◆ EXERCISE REQUIREMENTS ◆
Please quote exactly the lines below from the line containing "meetC : forall a b, bmeet a b = bmeet b a;" to the line containing "imp_res : forall a b c, bmeet (bmeet", both lines included, and nothing else.

** Opening MATERIALS PROVIDED block **

(* Let $n$ be a positive integer, let $\mathbf{A}$ be an infinite $n$-generated subdirectly irreducible bi-Heyting algebra validating $LFC$, and let $\mathfrak{X}=\mathbf{A}_*$. Let $m$ be a minimal element of $\mathfrak{X}$ with $X=\{x:m<x\}\uplus min(\mathfrak{X})$ and such that every minimal $y\ne m$ has a unique immediate successor lying strictly above $m$. Let $y\le x$ be points with $m\le y$ such that the interval $[y,x]=\{u: y\le u\le x\}$ has more than $2^n$ elements. Then there exists $y'$ with $y<y'\le x$ such that $y'$ has an immediate predecessor $w$ with $w\not>m$. Consequently, the set $(\downarrow x\setminus\downarrow y)\cap min(\mathfrak{X})$ is nonempty.
   Context: Bi-Heyting algebras are bounded distributive lattices with residuated $\to$ and $\leftarrow$. $\mathbf{A}_*$ is the bi-Esakia dual of $\mathbf{A}$: prime filters ordered by inclusion with the Priestley topology. For SI $\mathbf{A}$ validating $\mathsf{bi\text{-}LC}$ (bi-intuitionistic logic plus $(p\to q)\vee(q\to p)$), $\mathbf{A}_*$ is a bi-Esakia co-tree: it has a top and principal upsets are chains. $LFC=\mathsf{bi\text{-}LC}+\beta(\mathfrak{F}_0)+\mathcal{J}(\mathfrak{F}_1)+\mathcal{J}(\mathfrak{F}_2)+\mathcal{J}(\mathfrak{F}_3)$. For a finite co-tree $\mathfrak{Y}$: - $\mathfrak{X}\not\models\beta(\mathfrak{Y})$ iff $\mathfrak{Y}$ order-embeds into $\mathfrak{X}$; - $\mathfrak{X}\not\models\mathcal{J}(\mathfrak{Y})$ iff there is a continuous surjective bi-p-morphism onto $\mathfrak{Y}$. The co-trees are: - $\mathfrak{F}_0$: $d<b<a$, $e<c<a$; - $\mathfrak{F}_1$: the chain $c<b<a$; - $\mathfrak{F}_2$: the chain $d<c<b<a$ plus $a'<a$, with $a'$ incomparable to $b,c,d$; - $\mathfrak{F}_3$: a top over three incomparable minimal points. $\downarrow x=\{u: u\le x\}$. *)

From Stdlib Require Import List Arith.
Import ListNotations.

Record biHA := BiHA {
  car :> Type;
  bjoin : car -> car -> car;
  bmeet : car -> car -> car;
  bimp  : car -> car -> car;
  bcoimp : car -> car -> car;
  bbot : car;
  btop : car;
  joinC : forall a b, bjoin a b = bjoin b a;
  meetC : forall a b, bmeet a b = bmeet b a;
  joinA : forall a b c, bjoin a (bjoin b c) = bjoin (bjoin a b) c;
  meetA : forall a b c, bmeet a (bmeet b c) = bmeet (bmeet a b) c;
  joinKmeet : forall a b, bjoin a (bmeet a b) = a;
  meetKjoin : forall a b, bmeet a (bjoin a b) = a;
  meet_joinDr : forall a b c, bmeet a (bjoin b c) = bjoin (bmeet a b) (bmeet a c);
  join_bot : forall a, bjoin a bbot = a;
  meet_top : forall a, bmeet a btop = a;
  (* residuation of -> :  c /\ a <= b  iff  c <= a -> b  (x <= y := x /\ y = x) *)
  imp_res : forall a b c, bmeet (bmeet c a) b = bmeet c a <-> bmeet c (bimp a b) = c;
  (* residuation of <- :  a <- b <= c  iff  a <= b \/ c *)
  coimp_res : forall a b c, bmeet (bcoimp a b) c = bcoimp a b <-> bmeet a (bjoin b c) = a
}.

Arguments bjoin {_}. Arguments bmeet {_}. Arguments bimp {_}. Arguments bcoimp {_}.
Arguments bbot {_}. Arguments btop {_}.

Definition ble {A : biHA} (a b : A) : Prop := bmeet a b = a.

Definition congruence (A : biHA) (R : A -> A -> Prop) : Prop :=
  (forall a, R a a) /\ (forall a b, R a b -> R b a) /\
  (forall a b c, R a b -> R b c -> R a c) /\
  (forall a b c d, R a b -> R c d ->
     R (bjoin a c) (bjoin b d) /\ R (bmeet a c) (bmeet b d) /\
     R (bimp a c) (bimp b d) /\ R (bcoimp a c) (bcoimp b d)).

Definition nontrivial_rel (A : biHA) (R : A -> A -> Prop) : Prop :=
  exists a b, R a b /\ a <> b.

Definition subdirectly_irreducible (A : biHA) : Prop :=
  exists theta, congruence A theta /\ nontrivial_rel A theta /\
    forall psi, congruence A psi -> nontrivial_rel A psi ->
      forall a b, theta a b -> psi a b.

Definition closed_sub (A : biHA) (S : A -> Prop) : Prop :=
  S bbot /\ S btop /\
  (forall a b, S a -> S b ->
     S (bjoin a b) /\ S (bmeet a b) /\ S (bimp a b) /\ S (bcoimp a b)).

Definition n_generated (A : biHA) (n : nat) : Prop :=
  exists g : nat -> A,
    forall S : A -> Prop, closed_sub A S -> (forall i, i < n -> S (g i)) ->
      forall a, S a.

Definition infinite_alg (A : biHA) : Prop :=
  forall l : list A, exists a : A, ~ In a l.

Definition prime_filter (A : biHA) (F : A -> Prop) : Prop :=
  F btop /\ ~ F bbot /\
  (forall a b, F a -> ble a b -> F b) /\
  (forall a b, F a -> F b -> F (bmeet a b)) /\
  (forall a b, F (bjoin a b) -> F a \/ F b).

Definition pt (A : biHA) : Type := { F : A -> Prop | prime_filter A F }.

Definition ple {A : biHA} (x y : pt A) : Prop :=
  forall a, proj1_sig x a -> proj1_sig y a.
Definition plt {A : biHA} (x y : pt A) : Prop := ple x y /\ ~ ple y x.
Definition peq {A : biHA} (x y : pt A) : Prop := ple x y /\ ple y x.

(* Priestley topology: generated by the sets phi(a) = {x | a \in x}
   and their complements. *)
Definition popen {A : biHA} (U : pt A -> Prop) : Prop :=
  forall x, U x -> exists (la lb : list A),
    (forall a, In a la -> proj1_sig x a) /\
    (forall b, In b lb -> ~ proj1_sig x b) /\
    (forall z : pt A, (forall a, In a la -> proj1_sig z a) ->
                      (forall b, In b lb -> ~ proj1_sig z b) -> U z).

Definition minimal {A : biHA} (x : pt A) : Prop :=
  forall z, ple z x -> ple x z.

(* z is an immediate successor of y (equivalently y an immediate predecessor of z) *)
Definition imm_succ {A : biHA} (y z : pt A) : Prop :=
  plt y z /\ ~ exists u, plt y u /\ plt u z.

Record finposet := FinPoset {
  fcar :> Type;
  fle : fcar -> fcar -> Prop }.

Inductive F0t := F0a | F0b | F0c | F0d | F0e.
Definition F0le (u v : F0t) : Prop :=
  match u, v with
  | F0a, F0a | F0b, F0b | F0c, F0c | F0d, F0d | F0e, F0e => True
  | F0b, F0a | F0d, F0b | F0d, F0a | F0c, F0a | F0e, F0c | F0e, F0a => True
  | _, _ => False
  end.
Definition F0 := FinPoset F0t F0le.

Inductive F1t := F1a | F1b | F1c.
Definition F1le (u v : F1t) : Prop :=
  match u, v with
  | F1a, F1a | F1b, F1b | F1c, F1c => True
  | F1b, F1a | F1c, F1b | F1c, F1a => True
  | _, _ => False
  end.
Definition F1 := FinPoset F1t F1le.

** Closing MATERIALS PROVIDED block **

◆ WRITTEN RESPONSE ◆
  meetC : forall a b, bmeet a b = bmeet b a;
  joinA : forall a b c, bjoin a (bjoin b c) = bjoin (bjoin a b) c;
  meetA : forall a b c, bmeet a (bmeet b c) = bmeet (bmeet a b) c;
  joinKmeet : forall a b, bjoin a (bmeet a b) = a;
  meetKjoin : forall a b, bmeet a (bjoin a b) = a;
  meet_joinDr : forall a b c, bmeet a (bjoin b c) = bjoin (bmeet a b) (bmeet a c);
  join_bot : forall a, bjoin a bbot = a;
  meet_top : forall a, bmeet a btop = a;
  (* residuation of -> :  c /\ a <= b  iff  c <= a -> b  (x <= y := x /\ y = x) *)
  imp_res : forall a b c, bmeet (bmeet c a) b = bmeet c a <-> bmeet c (bimp a b) = c;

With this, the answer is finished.